_ASSIGNMENT:_
Please filter the entries and return only the lines that include "Import".
--- INFORMATION SUPPLIED Enclosed Below ---
(* Every pointed stable double category is a stable squares category.
   Context: A double category $\mathbb{C}$ has objects, horizontal morphisms ($\rightarrowtail$, category $\mathcal{H}_{\mathbb{C}}$), vertical morphisms ($\twoheadrightarrow$, category $\mathcal{V}_{\mathbb{C}}$), and squares with associative unital compositions. It is pointed if it has a distinguished object $O$ initial in $\mathcal{H}_{\mathbb{C}}$ and terminal in $\mathcal{V}_{\mathbb{C}}$. It is stable if the maps from the set of squares to the set of spans (pairs $A\rightarrowtail B$, $A\twoheadrightarrow C$) and to the set of cospans (pairs $B\twoheadrightarrow D$, $C\rightarrowtail D$), sending a square to its top-left span, resp. bottom-right cospan, are bijections. A double category is flat if squares are determined by their boundary; a squares category is a flat double category with a distinguished object $O$ initial in $\mathcal{H}_{\mathbb{C}}$ and terminal in $\mathcal{V}_{\mathbb{C}}$. A vertical $f:A\twoheadrightarrow B$ is a vertical weak equivalence if the boundary (top $O\rightarrowtail A$, left $\mathrm{id}_O$, right $f$, bottom $O\rightarrowtail B$) is a square. Vertical natural transformations between double functors of flat double categories: vertical components $\tau_A$ such that $(Ff,\tau_A,\tau_{A'},Gf)$ is a square for every horizontal $f$, and naturality squares commute in the vertical category for vertical morphisms; $\mathrm{Fun}^v$ denotes the resulting functor category. Let $\boxdot$ be the flat double category generated by one square with corners $a,b,c,d$ (horizontal $a\rightarrowtail b$, $c\rightarrowtail d$; vertical $a\twoheadrightarrow c$, $b\twoheadrightarrow d$), $i:\mathrm{span}\hookrightarrow\boxdot$ the sub-double category on $a\rightarrowtail b,a\twoheadrightarrow c$, and $j:\mathrm{cospan}\hookrightarrow\boxdot$ the one on $b\twoheadrightarrow d,c\rightarrowtail d$. A squares category is stable if: (i) $i^*:\mathrm{Fun}^v(\boxdot,\mathbb{C})\to\mathrm{Fun}^v(\mathrm{span},\mathbb{C})$ has a section functor $s$; (ii) there is a natural transformation $w:si^*\Rightarrow\mathrm{id}$ whose component at each square is the identity at $a,b,c$; (iii) $j^*:\mathrm{Fun}^v(\boxdot,\mathbb{C})\to\mathrm{Fun}^v(\mathrm{cospan},\mathbb{C})$ has a section functor $t$; (iv) there is a natural transformation $u:tj^*\Rightarrow\mathrm{id}$ whose component at each square is the identity at $b,c,d$ and whose $a$-component is a vertical weak equivalence. *)

(* Strict double categories, presented "set-theoretically": each of the four
   kinds of cells (objects, horizontal morphisms, vertical morphisms, squares)
   is a type, with source/target (boundary) maps and TOTAL composition
   operations whose values are only specified on composable pairs.
   All compositions are written in diagrammatic order:
     hcomp f g  =  "f then g"   (f : A >-> B, g : B >-> C  gives  A >-> C). *)

Set Implicit Arguments.

Record DoubleCat := {
  Ob  : Type;
  Hor : Type;
  Ver : Type;
  Sq  : Type;

  hsrc : Hor -> Ob;  htgt : Hor -> Ob;
  hid : Ob -> Hor;   hcomp : Hor -> Hor -> Hor;
  hsrc_id : forall A, hsrc (hid A) = A;
  htgt_id : forall A, htgt (hid A) = A;
  hsrc_comp : forall f g, htgt f = hsrc g -> hsrc (hcomp f g) = hsrc f;
  htgt_comp : forall f g, htgt f = hsrc g -> htgt (hcomp f g) = htgt g;
  hcomp_idl : forall f, hcomp (hid (hsrc f)) f = f;
  hcomp_idr : forall f, hcomp f (hid (htgt f)) = f;
  hcompA : forall f g k, htgt f = hsrc g -> htgt g = hsrc k ->
             hcomp (hcomp f g) k = hcomp f (hcomp g k);

  vsrc : Ver -> Ob;  vtgt : Ver -> Ob;
  vid : Ob -> Ver;   vcomp : Ver -> Ver -> Ver;
  vsrc_id : forall A, vsrc (vid A) = A;
  vtgt_id : forall A, vtgt (vid A) = A;
  vsrc_comp : forall f g, vtgt f = vsrc g -> vsrc (vcomp f g) = vsrc f;
  vtgt_comp : forall f g, vtgt f = vsrc g -> vtgt (vcomp f g) = vtgt g;
  vcomp_idl : forall f, vcomp (vid (vsrc f)) f = f;
  vcomp_idr : forall f, vcomp f (vid (vtgt f)) = f;
  vcompA : forall f g k, vtgt f = vsrc g -> vtgt g = vsrc k ->
             vcomp (vcomp f g) k = vcomp f (vcomp g k);

  (* boundary of a square:      top
                             A >----> B
                        left |        | right
                             v        v
                             C >----> D
                               bottom                  *)
  top : Sq -> Hor;  bottom : Sq -> Hor;
  left : Sq -> Ver; right : Sq -> Ver;
  bd_a : forall s, hsrc (top s) = vsrc (left s);
  bd_b : forall s, htgt (top s) = vsrc (right s);
  bd_c : forall s, hsrc (bottom s) = vtgt (left s);
  bd_d : forall s, htgt (bottom s) = vtgt (right s);

  sq_hid : Ver -> Sq;
  sq_vid : Hor -> Sq;
  sq_hid_bd : forall g, top (sq_hid g) = hid (vsrc g) /\ bottom (sq_hid g) = hid (vtgt g)
                        /\ left (sq_hid g) = g /\ right (sq_hid g) = g;
  sq_vid_bd : forall f, top (sq_vid f) = f /\ bottom (sq_vid f) = f
                        /\ left (sq_vid f) = vid (hsrc f) /\ right (sq_vid f) = vid (htgt f);

  sq_hcomp : Sq -> Sq -> Sq;
  sq_vcomp : Sq -> Sq -> Sq;
  sq_hcomp_bd : forall s t, right s = left t ->
      top (sq_hcomp s t) = hcomp (top s) (top t) /\
      bottom (sq_hcomp s t) = hcomp (bottom s) (bottom t) /\
      left (sq_hcomp s t) = left s /\ right (sq_hcomp s t) = right t;
  sq_vcomp_bd : forall s t, bottom s = top t ->
      left (sq_vcomp s t) = vcomp (left s) (left t) /\
      right (sq_vcomp s t) = vcomp (right s) (right t) /\
      top (sq_vcomp s t) = top s /\ bottom (sq_vcomp s t) = bottom t;

  sq_hcompA : forall s t u, right s = left t -> right t = left u ->
      sq_hcomp (sq_hcomp s t) u = sq_hcomp s (sq_hcomp t u);
  sq_vcompA : forall s t u, bottom s = top t -> bottom t = top u ->
      sq_vcomp (sq_vcomp s t) u = sq_vcomp s (sq_vcomp t u);
  sq_hcomp_idl : forall s, sq_hcomp (sq_hid (left s)) s = s;
  sq_hcomp_idr : forall s, sq_hcomp s (sq_hid (right s)) = s;
  sq_vcomp_idl : forall s, sq_vcomp (sq_vid (top s)) s = s;
  sq_vcomp_idr : forall s, sq_vcomp s (sq_vid (bottom s)) = s;

  sq_id_id : forall A, sq_hid (vid A) = sq_vid (hid A);
  sq_hid_comp : forall g g', vtgt g = vsrc g' ->
      sq_hid (vcomp g g') = sq_vcomp (sq_hid g) (sq_hid g');
  sq_vid_comp : forall f f', htgt f = hsrc f' ->
      sq_vid (hcomp f f') = sq_hcomp (sq_vid f) (sq_vid f');
  interchange : forall s t u v,
      right s = left t -> right u = left v -> bottom s = top u -> bottom t = top v ->
      sq_vcomp (sq_hcomp s t) (sq_hcomp u v) = sq_hcomp (sq_vcomp s u) (sq_vcomp t v)
}.
(* Let $n$ be a positive integer with $n\notin\{4,8,12\}$. Then there does not exist any product design $PD\big(n;\ 1_{(3)};\ 1_{(3)};\ n-3\big)$, i.e. there is no product design $(M_1;M_2;N)$ of order $n$ in which $M_1$ and $M_2$ are each orthogonal designs of type $(1,1,1)$ and $N$ is an orthogonal design of type $(n-3)$.
   Context: An orthogonal design $OD(n;\ c_1,\ldots,c_k)$ is a square matrix $C$ of order $n$ with entries from $\{0,\pm x_1,\ldots,\pm x_k\}$, where $x_1,\ldots,x_k$ are commuting indeterminates, such that $CC^{\rm T}=\big(\sum_{j=1}^k c_jx_j^2\big)I_n$; $(c_1,\ldots,c_k)$ is its type. The notation $u_{(k)}$ in a type means that $u$ is repeated $k$ times. For matrices $A=[a_{ij}]$, $B=[b_{ij}]$ of the same size, the Hadamard product is $A*B=[a_{ij}b_{ij}]$, and $\mathbf 0$ is the zero matrix. A product design $PD\big(n;\ a_1,\ldots,a_r;\ b_1,\ldots,b_s;\ u_1,\ldots,u_t\big)$ is a triple $(M_1;M_2;N)$ where $M_1$, $M_2$, $N$ are orthogonal designs of order $n$ and types $(a_1,\ldots,a_r)$, $(b_1,\ldots,b_s)$, $(u_1,\ldots,u_t)$ respectively, such that (i) $M_1*N=M_2*N=\mathbf 0$; (ii) $M_1+N$ and $M_2+N$ are orthogonal designs; (iii) $M_1M_2^{\rm T}=M_2M_1^{\rm T}$. *)

From HB Require Import structures.
From mathcomp Require Import all_boot all_order all_algebra.
Set Implicit Arguments. Unset Strict Implicit. Unset Printing Implicit Defensive.
Import Order.TTheory GRing.Theory Num.Theory.
Local Open Scope ring_scope.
--- End of Enclosed INFORMATION SUPPLIED ---
_RESULT:_
From HB Require Import structures.
From mathcomp Require Import all_boot all_order all_algebra.
Import Order.TTheory GRing.Theory Num.Theory.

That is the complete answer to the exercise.